Lemma test_closure_is_closure Z (w : set Z -> set Z) :
  test_closure_space Z w -> is_closure w.
Proof.
  intros [op [[Htop _] Hw]].
  replace w with (kcl op).
  - exact (kcl_is_closure Z op Htop).
  - apply functional_extensionality; intro A. apply set_ext. intro z. now rewrite Hw.
Qed.

Lemma image_id {T : Type} (A : set T) : image (fun x => x) A = A.
Proof.
  apply set_ext. intro x. split; [intros [y [Hy <-]]; exact Hy | intro Hx; now exists x].
Qed.

Lemma sierpinski_openE (O : set bool) : sierpinski_open O <-> (O false -> O true).
Proof.
  split.
  - intros [H|[H|H]] Hf.
    + now destruct (H false).
    + now apply H.
    + apply H.
  - intro H. destruct (classic (O false)) as [Hf|Hf].
    + right; right. intros []; auto.
    + destruct (classic (O true)) as [Ht|Ht].
      * right; left. intros []; intuition discriminate.
      * left. intros []; assumption.
Qed.

Lemma sierpinski_test : test_closure_space bool (kcl sierpinski_open).
Proof.
  exists sierpinski_open. split; [split | tauto].
  - repeat split.
    + apply sierpinski_openE. tauto.
    + apply sierpinski_openE. tauto.
    + intros O1 O2. rewrite !sierpinski_openE. tauto.
    + intros F HF. apply sierpinski_openE. intros [O [HO Hf]].
      exists O. split; [exact HO | exact (proj1 (sierpinski_openE O) (HF O HO) Hf)].
  - right. exists (fun b => b). split; [|split]; [eauto | eauto |].
    intro O. now rewrite image_id.
Qed.

Lemma sierpinski_nbhd_false (O : set bool) :
  nbhd (kcl sierpinski_open) O false -> O true.
Proof.
  intro H. destruct (kcl_nbhd _ _ _ _ H) as [O' [HO' [Hf Hsub]]].
  apply Hsub, (proj1 (sierpinski_openE O') HO' Hf).
Qed.

Lemma sierpinski_path_continuous {Z : Type} (w : set Z -> set Z) (a z : Z) :
  is_closure w -> w (fun y => y = a) z ->
  continuous (kcl sierpinski_open) w (fun b : bool => if b then a else z).
Proof.
  intros Hw Ha B b Hb. destruct b.
  - destruct (Hb (fun b => b = true)) as [c [Hc ->]];
      [apply sierpinski_openE; discriminate | reflexivity |].
    apply (proj1 (proj2 Hw)). now exists true.
  - destruct (Hb (fun _ => True)) as [[] [Hc _]];
      [apply sierpinski_openE; tauto | exact I | |].
    + refine (closure_mono _ w Hw _ _ _ _ Ha). intros y ->. now exists true.
    + apply (proj1 (proj2 Hw)). now exists false.
Qed.

Definition is_filter {Z : Type} (F : set Z -> Prop) : Prop :=
  F (fun _ => True) /\
  (forall S1 S2, F S1 -> F S2 -> F (fun a => S1 a /\ S2 a)) /\
  (forall S S', F S -> (forall a, S a -> S' a) -> F S').

Definition odefault {Z : Type} (z : Z) (q : option Z) : Z :=
  match q with Some a => a | None => z end.

Section AdjoinPoint.
Variables (Z : Type) (F : set Z -> Prop).

Definition adjoin_point_open (O : set (option Z)) : Prop :=
  O None -> F (fun a => O (Some a)).

Lemma adjoin_point_topology : is_filter F -> is_topology adjoin_point_open.
Proof.
  intros [Hfull [Hand Hup]]. repeat split.
  - intros _. exact Hfull.
  - intros [].
  - intros O1 O2 H1 H2 [HN1 HN2]. exact (Hand _ _ (H1 HN1) (H2 HN2)).
  - intros Fam HFam [O [HO HN]]. apply (Hup _ _ (HFam O HO HN)).
    intros a Ha. now exists O.
Qed.

Lemma adjoin_point_test :
  is_filter F -> (forall a, F (fun b => b <> a)) ->
  test_closure_space (option Z) (kcl adjoin_point_open).
Proof.
  intros HF Hco. exists adjoin_point_open.
  split; [split; [exact (adjoin_point_topology HF) | left; split] | tauto].
  - intros [a|] q Hne.
    + exists (fun r => r = Some a). repeat split; [discriminate | congruence].
    + destruct q as [b|]; [|congruence].
      exists (fun r => match r with None => True | Some c => c <> b end).
      repeat split; [intros _; exact (Hco b) | tauto].
  - intros [a|] [b|] Ha Hb; try reflexivity; exfalso;
      [apply Ha | apply Ha | apply Hb]; discriminate.
Qed.

Lemma adjoin_point_continuous (w : set Z -> set Z) (z : Z) :
  is_closure w -> (forall W, nbhd w W z -> F W) ->
  continuous (kcl adjoin_point_open) w (odefault z).
Proof.
  intros Hw HF B [a|] Hq.
  - destruct (Hq (fun r => r = Some a)) as [c [Hc ->]];
      [discriminate | reflexivity |].
    apply (proj1 (proj2 Hw)). now exists (Some a).
  - apply closure_nbhdP; [exact Hw|]. intros W HW.
    destruct (Hq (fun r => match r with None => True | Some a => W a end))
      as [c [Hc HWc]]; [intros _; exact (HF W HW) | exact I |].
    exists (odefault z c). split; [now exists c|].
    destruct c as [a|]; [exact HWc | exact (nbhd_mem _ w Hw W z HW)].
Qed.

End AdjoinPoint.

Definition test_detects {Z X : Type} (w : set Z -> set Z) (u : set X -> set X)
  (A : set (Z * X)) (z : Z) (x : X) : Prop :=
  exists (Z' : Type) (w' : set Z' -> set Z') (phi : Z' -> Z) (p : Z') (B : set (Z' * X)),
    test_closure_space Z' w' /\ continuous w' w phi /\ phi p = z /\
    prod_cl w' u B (p, x) /\ (forall q, B q -> A (phi (fst q), snd q)).

Definition proj_filter {Z X : Type} (w : set Z -> set Z) (u : set X -> set X)
  (A : set (Z * X)) (z : Z) (x : X) (S : set Z) : Prop :=
  exists W U, nbhd w W z /\ nbhd u U x /\
    forall a y, W a -> U y -> A (a, y) -> S a.

Section Detection.
Variables (Z X : Type) (w : set Z -> set Z) (u : set X -> set X).
Hypotheses (Hw : is_closure w) (Hu : is_closure u).
Variables (A : set (Z * X)) (z : Z) (x : X).

Lemma proj_filter_is_filter : is_filter (proj_filter w u A z x).
Proof.
  repeat split.
  - exists (fun _ => True), (fun _ => True).
    repeat split; apply nbhd_full; assumption.
  - intros S1 S2 [W1 [U1 [HW1 [HU1 H1]]]] [W2 [U2 [HW2 [HU2 H2]]]].
    exists (fun a => W1 a /\ W2 a), (fun y => U1 y /\ U2 y).
    split; [apply nbhd_and; assumption|]. split; [apply nbhd_and; assumption|].
    intros a y [] []; eauto.
  - intros S S' [W [U [HW [HU H]]]] HS. exists W, U. eauto 6.
Qed.

Lemma sierpinski_detects a :
  w (fun y => y = a) z -> u (fun y => A (a, y)) x -> test_detects w u A z x.
Proof.
  intros Ha Hx.
  exists bool, (kcl sierpinski_open), (fun b : bool => if b then a else z), false,
    (fun q => fst q = true /\ A (a, snd q)).
  repeat split.
  - exact sierpinski_test.
  - exact (sierpinski_path_continuous w a z Hw Ha).
  - intros O U HO HU.
    destruct (proj1 (closure_nbhdP _ u Hu _ x) Hx U HU) as [y [HAy HUy]].
    exists (true, y). repeat split; [exact HAy | exact (sierpinski_nbhd_false O HO) | exact HUy].
  - intros [b y] [Hb HAy]. simpl in *. now subst b.
Qed.

(* Failing the Sierpinski case, every point [a] avoids some basic
   neighbourhood, which is what makes the one-point space T1. *)
Lemma adjoin_point_detects :
  prod_cl w u A (z, x) ->
  (forall a, ~ (w (fun y => y = a) z /\ u (fun y => A (a, y)) x)) ->
  test_detects w u A z x.
Proof.
  intros Hzx Hn.
  exists (option Z), (kcl (adjoin_point_open Z (proj_filter w u A z x))), (odefault z), None,
    (fun q => match fst q with Some a => A (a, snd q) | None => False end).
  repeat split.
  - apply adjoin_point_test; [exact proj_filter_is_filter|]. intro a.
    destruct (not_and_or _ _ (Hn a)) as [Ha|Ha].
    + exists (fun b => b <> a), (fun _ => True).
      repeat split; [|apply nbhd_full; exact Hu|]; [|tauto].
      refine (nbhd_compl _ w Hw _ _ Ha).
    + exists (fun _ => True), (fun y => ~ A (a, y)).
      repeat split; [apply nbhd_full; exact Hw | exact (nbhd_compl _ u Hu _ _ Ha) |].
      intros b y _ Hy HA ->. exact (Hy HA).
  - apply adjoin_point_continuous; [exact Hw|]. intros W HW.
    exists W, (fun _ => True). repeat split; [exact HW | apply nbhd_full; exact Hu | tauto].
  - intros O U HO HU. destruct (kcl_nbhd _ _ _ _ HO) as [O' [HO' [HN Hsub]]].
    destruct (HO' HN) as [W [U' [HW [HU' HA]]]].
    destruct (Hzx W _ HW (nbhd_and _ u Hu _ _ x HU HU')) as [[a y] [HAay [HWa [HUy HU'y]]]].
    exists (Some a, y). repeat split; [exact HAay | apply Hsub, (HA a y); assumption | exact HUy].
  - intros [[a|] y]; simpl; tauto.
Qed.

Lemma test_detects_prod_cl : prod_cl w u A (z, x) -> test_detects w u A z x.
Proof.
  intro Hzx.
  destruct (classic (exists a, w (fun y => y = a) z /\ u (fun y => A (a, y)) x))
    as [[a [Ha Hx]]|Hn].
  - exact (sierpinski_detects a Ha Hx).
  - apply adjoin_point_detects; [exact Hzx|]. intros a Ha. apply Hn. now exists a.
Qed.

End Detection.

Definition identity_closure {T : Type} (A : set T) : set T := A.

Lemma identity_closure_is_closure (T : Type) : is_closure (@identity_closure T).
Proof. unfold identity_closure. repeat split; tauto. Qed.

(* [(Z, w)] is [(Z, w) x 1], so the product case applies. *)
Lemma test_detects_closure {Z : Type} (w : set Z -> set Z) (A : set Z) (z : Z) :
  is_closure w -> w A z ->
  exists (Z' : Type) (w' : set Z' -> set Z') (phi : Z' -> Z) (p : Z') (B : set Z'),
    test_closure_space Z' w' /\ continuous w' w phi /\ phi p = z /\
    w' B p /\ (forall b, B b -> A (phi b)).
Proof.
  intros Hw Hz.
  assert (Hunit := identity_closure_is_closure unit).
  destruct (test_detects_prod_cl Z unit w identity_closure Hw Hunit
              (fun q => A (fst q)) z tt) as (Z' & w' & phi & p & B & Ht & Hphi & Hp & HB & HBA).
  - intros W U HW HU.
    destruct (proj1 (closure_nbhdP _ w Hw A z) Hz W HW) as [a [Ha HWa]].
    exists (a, tt). repeat split; [exact Ha | exact HWa | exact (nbhd_mem _ _ Hunit U tt HU)].
  - exists Z', w', phi, p, (fun b => B (b, tt)). repeat split; try assumption.
    + apply (closure_nbhdP _ w' (test_closure_is_closure Z' w' Ht)). intros W HW.
      destruct (HB W _ HW (nbhd_full _ _ Hunit tt)) as [[b []] [Hb [HWb _]]].
      now exists b.
    + intros b Hb. exact (HBA _ Hb).
Qed.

*YOUR GOAL*: Within the listing above, locate the line containing "Lemma adjoin_point_continuous (w" and the line containing "Variables (A : set (Z * X)) (z : Z) (x : X).". Reproduce those two lines and all lines between them exactly, with nothing added.

*RESPONSE*:
Lemma adjoin_point_continuous (w : set Z -> set Z) (z : Z) :
  is_closure w -> (forall W, nbhd w W z -> F W) ->
  continuous (kcl adjoin_point_open) w (odefault z).
Proof.
  intros Hw HF B [a|] Hq.
  - destruct (Hq (fun r => r = Some a)) as [c [Hc ->]];
      [discriminate | reflexivity |].
    apply (proj1 (proj2 Hw)). now exists (Some a).
  - apply closure_nbhdP; [exact Hw|]. intros W HW.
    destruct (Hq (fun r => match r with None => True | Some a => W a end))
      as [c [Hc HWc]]; [intros _; exact (HF W HW) | exact I |].
    exists (odefault z c). split; [now exists c|].
    destruct c as [a|]; [exact HWc | exact (nbhd_mem _ w Hw W z HW)].
Qed.

End AdjoinPoint.

Definition test_detects {Z X : Type} (w : set Z -> set Z) (u : set X -> set X)
  (A : set (Z * X)) (z : Z) (x : X) : Prop :=
  exists (Z' : Type) (w' : set Z' -> set Z') (phi : Z' -> Z) (p : Z') (B : set (Z' * X)),
    test_closure_space Z' w' /\ continuous w' w phi /\ phi p = z /\
    prod_cl w' u B (p, x) /\ (forall q, B q -> A (phi (fst q), snd q)).

Definition proj_filter {Z X : Type} (w : set Z -> set Z) (u : set X -> set X)
  (A : set (Z * X)) (z : Z) (x : X) (S : set Z) : Prop :=
  exists W U, nbhd w W z /\ nbhd u U x /\
    forall a y, W a -> U y -> A (a, y) -> S a.

Section Detection.
Variables (Z X : Type) (w : set Z -> set Z) (u : set X -> set X).
Hypotheses (Hw : is_closure w) (Hu : is_closure u).
Variables (A : set (Z * X)) (z : Z) (x : X).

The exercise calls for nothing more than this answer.